━━ Source records

Lemma qprob_window x i j rho : Sigma (x, i) ->
  exists b, [/\ 0 <= b,
    (b%:E <= \esum_(t in Sigma `&` ~` window x rho) (P (x, i) t)%:E)%E &
    qprob Sigma P x i j
      = \sum_(t <- fset_set (Sigma `&` window x rho) | t.2 == j) P (x, i) t + b].
Proof.
move=> Sx; have P_ge0 := P_kernel.1 (x, i).
rewrite /qprob [X in fine X](esumID (window x rho)); last by move=> t _; rewrite lee_fin.
rewrite (setIAC Sigma _ (window x rho)) (setIAC Sigma _ (~` window x rho)).
set near := (\esum_(t in _ `&` window x rho `&` _) _)%E.
have -> : near
    = (\sum_(t <- fset_set (Sigma `&` window x rho) | t.2 == j) P (x, i) t)%:E.
  rewrite /near esum_mkcondr big_mkcond -(esum_finite _ _ (finite_window x rho));
    last by move=> t _; case: eqP.
  apply: eq_esum => t _; case: eqP => [<-|tj]; first by rewrite ifT// mem_set.
  by rewrite ifF//; apply/negP => /set_mem.
set far := (\esum_(t in Sigma `&` ~` window x rho `&` _) _)%E.
have far_le : (far <= \esum_(t in Sigma `&` ~` window x rho) (P (x, i) t)%:E)%E.
  exact: esum_setI_le.
have far_fin : far \is a fin_num.
  rewrite ge0_fin_numE; last by apply: esum_ge0 => t _; rewrite lee_fin.
  apply: le_lt_trans far_le _.
  apply: le_lt_trans (esum_setI_le _ _ _ (fun t _ => P_ge0 t)) _.
  by rewrite (P_kernel.2 _ Sx) ltry.
have far_ge0 : (0 <= far)%E by apply: esum_ge0 => t _; rewrite lee_fin.
exists (fine far); split; first exact: fine_ge0.
  by rewrite fineK.
by rewrite -[in LHS](fineK far_fin) -EFinD.
Qed.

Lemma truncated_drift_estimate (g : S -> R) (r : R) {x : R} {i : S} {rho h p Cp : R} :
  Sigma (x, i) -> 0 < x -> 0 < rho -> rho <= h * x -> h <= 1/2 ->
  `|r| * h <= 1/4 -> 0 <= p ->
  (kexpect Sigma P (x, i) (fun t => (`|t.1 - x| `^ p)%R) <= Cp%:E)%E ->
  exists e : R, `|e| <= x `^ r * (4 * `|r| * h * \sum_(j : S) `|g j|
                               + Cp / rho `^ p * \sum_(j : S) `|g j - g i|) /\
    kexpect Sigma P (x, i)
      (fun t => (g t.2 * t.1 `^ r - g i * x `^ r)
                * (if `|t.1 - x| <= rho then 1 else 0))
    = (x `^ r * (\sum_(j : S) (g j - g i) * qprob Sigma P x i j) + e)%:E.
Proof.
move=> Sx x_gt0 rho_gt0 rho_le h_le rh_le p_ge0 moment.
have far_le := far_mass_le _ _ _ _ rho_gt0 p_ge0 moment.
set W := fset_set (Sigma `&` window x rho).
have W_window t : t \in W -> Sigma t /\ `|t.1 - x| <= rho.
  by rewrite /W (in_fset_set (finite_window x rho)) => /set_mem.
rewrite kexpect_window -/W.
exists (\sum_(t <- W) P (x, i) t * (g t.2 * t.1 `^ r - g i * x `^ r)
        - x `^ r * \sum_(j : S) (g j - g i) * qprob Sigma P x i j).
split; last by rewrite subrKC.
apply: drift_sum_error => [t _||||t /W_window[St t_near]|j].
- exact: P_kernel.1.
- exact: window_mass_le1.
- exact: powR_ge0.
- by rewrite !mulr_ge0// ltW// -(pmulr_lgt0 _ x_gt0) (lt_le_trans rho_gt0).
- by apply: powR_sub_le => //; [exact: Sigma_lf.1 St | exact: le_trans rho_le].
- have [b [b_ge0 b_le ->]] := qprob_window _ _ j rho Sx.
  rewrite addrC addKr b_ge0 -lee_fin; exact: le_trans far_le.
Qed.

End markov_chain.

Theorem lemma3p5 (R : realType) (S : finType) (Sigma : set (R * S))
    (P : R * S -> R * S -> R) (p Cp : R) (r zeta : R) (g : S -> R) :
  locally_finite_state_space Sigma ->
  transition_kernel Sigma P ->
  0 < p ->
  (forall s, Sigma s ->
     (kexpect Sigma P s (fun t => (`|t.1 - s.1| `^ p)%R) <= Cp%:E)%E) ->
  0 < zeta < 1 ->
  forall (i : S) (eps : R), 0 < eps ->
  exists M : R, forall x : R, Sigma (x, i) -> M <= x ->
    exists e : R, `|e| <= eps * x `^ r /\
      kexpect Sigma P (x, i)
        (fun t => (g t.2 * t.1 `^ r - g i * x `^ r)
                  * (if `|t.1 - x| <= x `^ zeta then 1 else 0))
      = (x `^ r * (\sum_(j : S) (g j - g i) * qprob Sigma P x i j) + e)%:E.
Proof.
move=> Sigma_lf P_kernel p_gt0 moment /andP[zeta_gt0 zeta_lt1] i eps eps_gt0.
set G := \sum_(j : S) `|g j|; set K := \sum_(j : S) `|g j - g i|.
have [G_ge0 K_ge0] : 0 <= G /\ 0 <= K by split; apply: sumr_ge0.
have [h [h_gt0 h_le rh_le rhG_le]] := exists_small_ratio r G_ge0 eps_gt0.
have [zeta'_gt0 hV_gt0] : 0 < 1 - zeta /\ 0 < h^-1.
  by rewrite subr_gt0 invr_gt0.
have [M1 [M1_gt0 M1P]] := powR_eventually_ge zeta'_gt0 hV_gt0.
have D_gt0 : 0 < 2 * (K + 1) * (`|Cp| + 1) / eps.
  by rewrite divr_gt0 //; have := normr_ge0 Cp; nra.
have [M2 [_ M2P]] := powR_eventually_ge (mulr_gt0 zeta_gt0 p_gt0) D_gt0.
exists (Num.max M1 M2) => x Sx; rewrite ge_max => /andP[xM1 xM2].
have x_gt0 : 0 < x := lt_le_trans M1_gt0 xM1.
have rho_le : x `^ zeta <= h * x.
  have x_split : x = x `^ zeta * x `^ (1 - zeta).
    by rewrite -powRD ?subrKC ?powRr1 ?(ltW x_gt0) // gt_eqF ?implybT.
  rewrite {2}x_split mulrCA -[leLHS]mulr1 ler_wpM2l ?powR_ge0 //.
  by move: (M1P _ xM1) => /(ler_wpM2l (ltW h_gt0)); rewrite divff ?gt_eqF.
have tail_le : Cp / (x `^ zeta) `^ p * K <= eps / 2.
  rewrite -powRrM; have c_gt0 : 0 < x `^ (zeta * p) := powR_gt0 _ x_gt0.
  have := M2P _ xM2; rewrite ler_pdivrMr // => c_large.
  rewrite mulrAC ler_pdivrMr //; have := ler_norm Cp; nra.
have [e [e_le ->]] := truncated_drift_estimate Sigma_lf P_kernel g r Sx x_gt0
  (powR_gt0 _ x_gt0) rho_le h_le rh_le (ltW p_gt0) (moment _ Sx).
exists e; split => //; apply: le_trans e_le _.
by rewrite [leRHS]mulrC ler_wpM2l ?powR_ge0 // -/G -/K; lra.
Qed.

━━━━

Exercise requirements: After locating the line holding "have [zeta'_gt0 hV_gt0]" above, output exactly that line and every line after it through the line holding "have x_split : x". Include nothing else.

Answer area:
have [zeta'_gt0 hV_gt0] : 0 < 1 - zeta /\ 0 < h^-1.
  by rewrite subr_gt0 invr_gt0.
have [M1 [M1_gt0 M1P]] := powR_eventually_ge zeta'_gt0 hV_gt0.
have D_gt0 : 0 < 2 * (K + 1) * (`|Cp| + 1) / eps.
  by rewrite divr_gt0 //; have := normr_ge0 Cp; nra.
have [M2 [_ M2P]] := powR_eventually_ge (mulr_gt0 zeta_gt0 p_gt0) D_gt0.
exists (Num.max M1 M2) => x Sx; rewrite ge_max => /andP[xM1 xM2].
have x_gt0 : 0 < x := lt_le_trans M1_gt0 xM1.
have rho_le : x `^ zeta <= h * x.
  have x_split : x = x `^ zeta * x `^ (1 - zeta).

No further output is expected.